Lemma outer_le_fold_tiles K N A v : (0 < K)%nat -> (0 < N)%nat ->
  outer_le A v -> outer_le (fold_tiles K N A) v.
Proof.
  intros HK HN HA eps He. pose proof (outer_le_ge0 _ _ HA).
  destruct (HA eps He) as [c [Hc Hs]].
  exists (merge_covers (fun i m => tile_piece K N (c m) i)). split.
  - intros x y [j [l [Hj [Hl [Ht HAxy]]]]]. destruct (Hc _ _ HAxy) as [m Hm].
    exists (to_nat (to_nat (j, l), m)). unfold merge_covers, tile_piece.
    rewrite cancel_of_to; cbn [fst snd]; rewrite cancel_of_to; cbn [fst snd].
    replace (Nat.ltb j K) with true by (symmetry; apply Nat.ltb_lt; auto).
    replace (Nat.ltb l N) with true by (symmetry; apply Nat.ltb_lt; auto).
    apply in_shift_rect, in_clip; auto.
  - intros n. rewrite sum_f_R0_rsum. apply merge_covers_sum.
    intros [|M]; [simpl; lra |]. rewrite rsum_swap.
    eapply Rle_trans; [apply (rsum_le _ (fun m => area (c m))) |].
    + intros m _. apply tile_pieces_area; auto.
    + rewrite <- sum_f_R0_rsum. apply Hs.
Qed.

Lemma translate_in_tile K N j l x y : (j < K)%nat -> (l < N)%nat ->
  0 <= x <= 1 / INR K -> 0 <= y <= 1 / INR N ->
  in_rect (tile K N j l) (x + INR j / INR K) (y + INR l / INR N) /\
  0 <= x + INR j / INR K <= 1 /\ 0 <= y + INR l / INR N <= 1.
Proof.
  intros Hj Hl Hx Hy.
  assert (Hstep : forall (i M : nat) t, (i < M)%nat -> 0 <= t <= 1 / INR M ->
            INR i / INR M <= t + INR i / INR M <= INR (S i) / INR M /\ 0 <= t + INR i / INR M <= 1).
  { intros i M t Hi Ht. assert (HM : 0 < INR M) by (apply lt_0_INR; lia).
    assert (INR (S i) <= INR M) by (apply le_INR; lia). rewrite S_INR in *. pose proof (pos_INR i).
    replace ((INR i + 1) / INR M) with (INR i / INR M + 1 / INR M) by (field; lra).
    assert (0 <= INR i / INR M) by (apply Rmult_le_pos; [lra | left; apply Rinv_0_lt_compat; lra]).
    assert (INR i / INR M + 1 / INR M <= 1).
    { replace (INR i / INR M + 1 / INR M) with ((INR i + 1) / INR M) by (field; lra).
      apply (Rmult_le_reg_r (INR M)); auto. unfold Rdiv.
      rewrite Rmult_assoc, Rinv_l, Rmult_1_r; lra. }
    lra. }
  destruct (Hstep j K x Hj Hx), (Hstep l N y Hl Hy). unfold in_rect, tile; simpl. tauto.
Qed.

Lemma null_grid_translates (A : set2) K N : null_set A ->
  null_set (fun x y => exists j l, (j < K)%nat /\ (l < N)%nat /\
                         A (x + INR j / INR K) (y + INR l / INR N)).
Proof.
  intros HA. eapply outer_le_mono.
  2: { apply (null_Union (fun n x y => A (x + INR (fst (of_nat n)) / INR K)
                                         (y + INR (snd (of_nat n)) / INR N))).
       intros n. apply outer_le_shift, HA. }
  intros x y [j [l [_ [_ H]]]]. exists (to_nat (j, l)). rewrite cancel_of_to. exact H.
Qed.

Lemma outer_ge_of_le (A : set2) v : (forall w, outer_le A w -> v <= w) -> outer_ge A v.
Proof.
  intros H c Hc eps He. apply NNPP. intros Hneg. assert (v <= v - eps); [| lra].
  apply H, (outer_le_of_cover A c); auto.
  intros n. apply Rnot_lt_le. intros Hl. apply Hneg. exists n. lra.
Qed.


Definition jump_set (G : R -> R -> Cpx) (K N : nat) (delta : R) : set2 := fun x y =>
  (0 <= x <= 1 /\ 0 <= y <= 1) /\
  (Cnorm (Csub (G (x + 1 / INR K) y) (G x y)) > delta \/
   Cnorm (Csub (G x (y + 1 / INR N)) (G x y)) > delta).

Lemma jump_set_measurable G K N delta : measurable_fun G -> measurable2 (jump_set G K N delta).
Proof.
  intros HG. apply meas_inter2; [apply (meas_rect (Rect 0 1 0 1)) | apply meas_union2].
  - refine (meas_ext _ _ _ (meas_increment G (1 / INR K) 0 delta HG)).
    intros x y. rewrite Rplus_0_r. tauto.
  - refine (meas_ext _ _ _ (meas_increment G 0 (1 / INR N) delta HG)).
    intros x y. rewrite Rplus_0_r. tauto.
Qed.

Lemma box_covered_by_folded_jump_set G D K N x y :
  0 < D -> (0 < K)%nat -> (8 <= N)%nat -> quasi_periodic G ->
  0 <= x <= 1 / INR K -> 0 <= y <= 1 / INR N ->
  (exists j l, (j < K)%nat /\ (l < N)%nat /\ Cnorm (G (x + INR j / INR K) (y + INR l / INR N)) < D) \/
  fold_tiles K N (jump_set G K N (D / 10)) x y.
Proof.
  intros HD HK HN HQ Hx Hy.
  destruct (classic (exists j l, (j < K)%nat /\ (l < N)%nat /\
                       Cnorm (G (x + INR j / INR K) (y + INR l / INR N)) < D)) as [Hbad | Hgood];
    [left; exact Hbad | right].
  destruct (grid_large_increment G D K N x y HD HK HN HQ) as [j [l [Hj [Hl Hjump]]]].
  { intros j l Hj Hl. apply Rnot_lt_le. intros Hlt. apply Hgood. exists j, l. auto. }
  destruct (translate_in_tile K N j l x y Hj Hl Hx Hy) as [Ht [Hx1 Hy1]].
  exists j, l. unfold jump_set. tauto.
Qed.

Lemma jump_set_lower_bound G D K N w :
  0 < D -> (0 < K)%nat -> (8 <= N)%nat -> quasi_periodic G ->
  null_set (fun x y => Cnorm (G x y) < D) ->
  outer_le (jump_set G K N (D / 10)) w -> 1 / (INR N * INR K) <= w.
Proof.
  intros HD HK HN HQ Hnull Hw.
  assert (HK0 : 0 < INR K) by (apply lt_0_INR; lia).
  assert (HN0 : 0 < INR N) by (apply lt_0_INR; lia).
  apply Rle_plus_epsilon. intros e He.
  replace (1 / (INR N * INR K)) with ((1 / INR K - 0) * (1 / INR N - 0)) by (field; lra).
  apply outer_le_box_area;
    [left; apply Rdiv_lt_0_compat; lra | left; apply Rdiv_lt_0_compat; lra |].
  eapply outer_le_mono.
  2: { apply outer_le_union_null; [apply (null_grid_translates _ K N Hnull) | | exact He].
       apply (outer_le_fold_tiles K N); [exact HK | lia | exact Hw]. }
  intros x y [Hx Hy]. apply box_covered_by_folded_jump_set; auto.
Qed.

-=-=-

In the listing above, locate the line with "destruct (HA eps He) as [c [Hc Hs]]." and the line with "exists (to_nat (to_nat", then extract exactly those lines and every line between them, and nothing more.

**Expected answer**
  destruct (HA eps He) as [c [Hc Hs]].
  exists (merge_covers (fun i m => tile_piece K N (c m) i)). split.
  - intros x y [j [l [Hj [Hl [Ht HAxy]]]]]. destruct (Hc _ _ HAxy) as [m Hm].
    exists (to_nat (to_nat (j, l), m)). unfold merge_covers, tile_piece.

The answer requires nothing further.